(Stored data)
Lemma lexle_swap A a b : a \in A -> b \notin A -> (a < b)%N ->
  lexle (b |: (A :\ a)) A.
Proof.
move=> aA bA ab; apply/orP; right; apply/existsP; exists a.
have /negbTE ba : a != b by apply: contraTneq ab => ->; rewrite ltnn.
rewrite aA !inE eqxx ba /=; apply/forallP => k; apply/implyP => ka; rewrite !inE.
case: (eqVneq k a) => [kae|_]; first by rewrite kae ltnn in ka.
case: (eqVneq k b) => [kbe|_] //=.
by move: (ltn_trans ka ab); rewrite kbe ltnn.
Qed.

Lemma lexle_min (S : {set {set 'I_N}}) : S != set0 ->
  exists2 A, A \in S & forall B, B \in S -> lexle A B.
Proof.
have seq_min (s : seq {set 'I_N}) : s != [::] ->
    exists2 A, A \in s & forall B, B \in s -> lexle A B.
  elim: s => // X s IH _; case: (eqVneq s [::]) => [->|/IH[A As minA]].
    by exists X; rewrite ?inE // => B; rewrite inE => /eqP->; apply: lexle_refl.
  case/orP: (lexle_total X A) => [XA|AX].
  - exists X; first by rewrite inE eqxx.
    move=> B; rewrite inE => /orP[/eqP->|Bs]; first exact: lexle_refl.
    exact: lexle_trans XA (minA B Bs).
  - by exists A; rewrite ?inE ?As ?orbT // => B; rewrite inE => /orP[/eqP->|/minA].
move=> /set0Pn[A0 A0S]; have [|A] := seq_min (enum S).
  by apply: contraTneq A0S => eS; rewrite -mem_enum eS.
by rewrite mem_enum => AS minA; exists A => // B BS; apply: minA; rewrite mem_enum.
Qed.

End LexOrder.

Section Demand.
Variables (R : realType) (N : nat) (I : instance R N) (t : nat).
Implicit Types (p : price R N) (A B : {set 'I_N}).

Lemma maximizer_sub p A : A \in maximizers I t p -> A \subset act I t.
Proof. by rewrite inE => /andP[]. Qed.

Lemma maximizer_ge p A B : A \in maximizers I t p -> B \subset act I t ->
  util I t p B <= util I t p A.
Proof. by rewrite inE => /andP[_ /forallP maxA] BA; move: (maxA B); rewrite BA. Qed.

Lemma maximizerI p A : A \subset act I t ->
  (forall B, B \subset act I t -> util I t p B <= util I t p A) ->
  A \in maximizers I t p.
Proof. by move=> AA maxA; rewrite inE AA; apply/forallP => B; apply/implyP/maxA. Qed.

Lemma maximizers_neq0 p : maximizers I t p != set0.
Proof.
have sub0 : (set0 : {set 'I_N}) \subset act I t by rewrite sub0set.
case: (@arg_maxP _ _ _ set0 (fun A : {set 'I_N} => A \subset act I t) (util I t p) sub0).
by move=> A AA maxA; apply/set0Pn; exists A; apply: maximizerI.
Qed.

Lemma dem_spec p : dem I t p \in maximizers I t p /\
  forall B, B \in maximizers I t p -> lexle (dem I t p) B.
Proof.
rewrite /dem; case: pickP => [A /andP[AM /forall_inP //]|none] /=.
have [A AM minA] := lexle_min (maximizers_neq0 p).
by move: (none A); rewrite AM /=; move/negbT/negP; case; apply/forall_inP.
Qed.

PROBLEM REQUIREMENTS »
Please copy only these lines, exactly: the first line of the records through the line containing "End LexOrder.", ends included.

SOLUTION TO THIS EXERCISE »
Lemma lexle_swap A a b : a \in A -> b \notin A -> (a < b)%N ->
  lexle (b |: (A :\ a)) A.
Proof.
move=> aA bA ab; apply/orP; right; apply/existsP; exists a.
have /negbTE ba : a != b by apply: contraTneq ab => ->; rewrite ltnn.
rewrite aA !inE eqxx ba /=; apply/forallP => k; apply/implyP => ka; rewrite !inE.
case: (eqVneq k a) => [kae|_]; first by rewrite kae ltnn in ka.
case: (eqVneq k b) => [kbe|_] //=.
by move: (ltn_trans ka ab); rewrite kbe ltnn.
Qed.

Lemma lexle_min (S : {set {set 'I_N}}) : S != set0 ->
  exists2 A, A \in S & forall B, B \in S -> lexle A B.
Proof.
have seq_min (s : seq {set 'I_N}) : s != [::] ->
    exists2 A, A \in s & forall B, B \in s -> lexle A B.
  elim: s => // X s IH _; case: (eqVneq s [::]) => [->|/IH[A As minA]].
    by exists X; rewrite ?inE // => B; rewrite inE => /eqP->; apply: lexle_refl.
  case/orP: (lexle_total X A) => [XA|AX].
  - exists X; first by rewrite inE eqxx.
    move=> B; rewrite inE => /orP[/eqP->|Bs]; first exact: lexle_refl.
    exact: lexle_trans XA (minA B Bs).
  - by exists A; rewrite ?inE ?As ?orbT // => B; rewrite inE => /orP[/eqP->|/minA].
move=> /set0Pn[A0 A0S]; have [|A] := seq_min (enum S).
  by apply: contraTneq A0S => eS; rewrite -mem_enum eS.
by rewrite mem_enum => AS minA; exists A => // B BS; apply: minA; rewrite mem_enum.
Qed.

End LexOrder.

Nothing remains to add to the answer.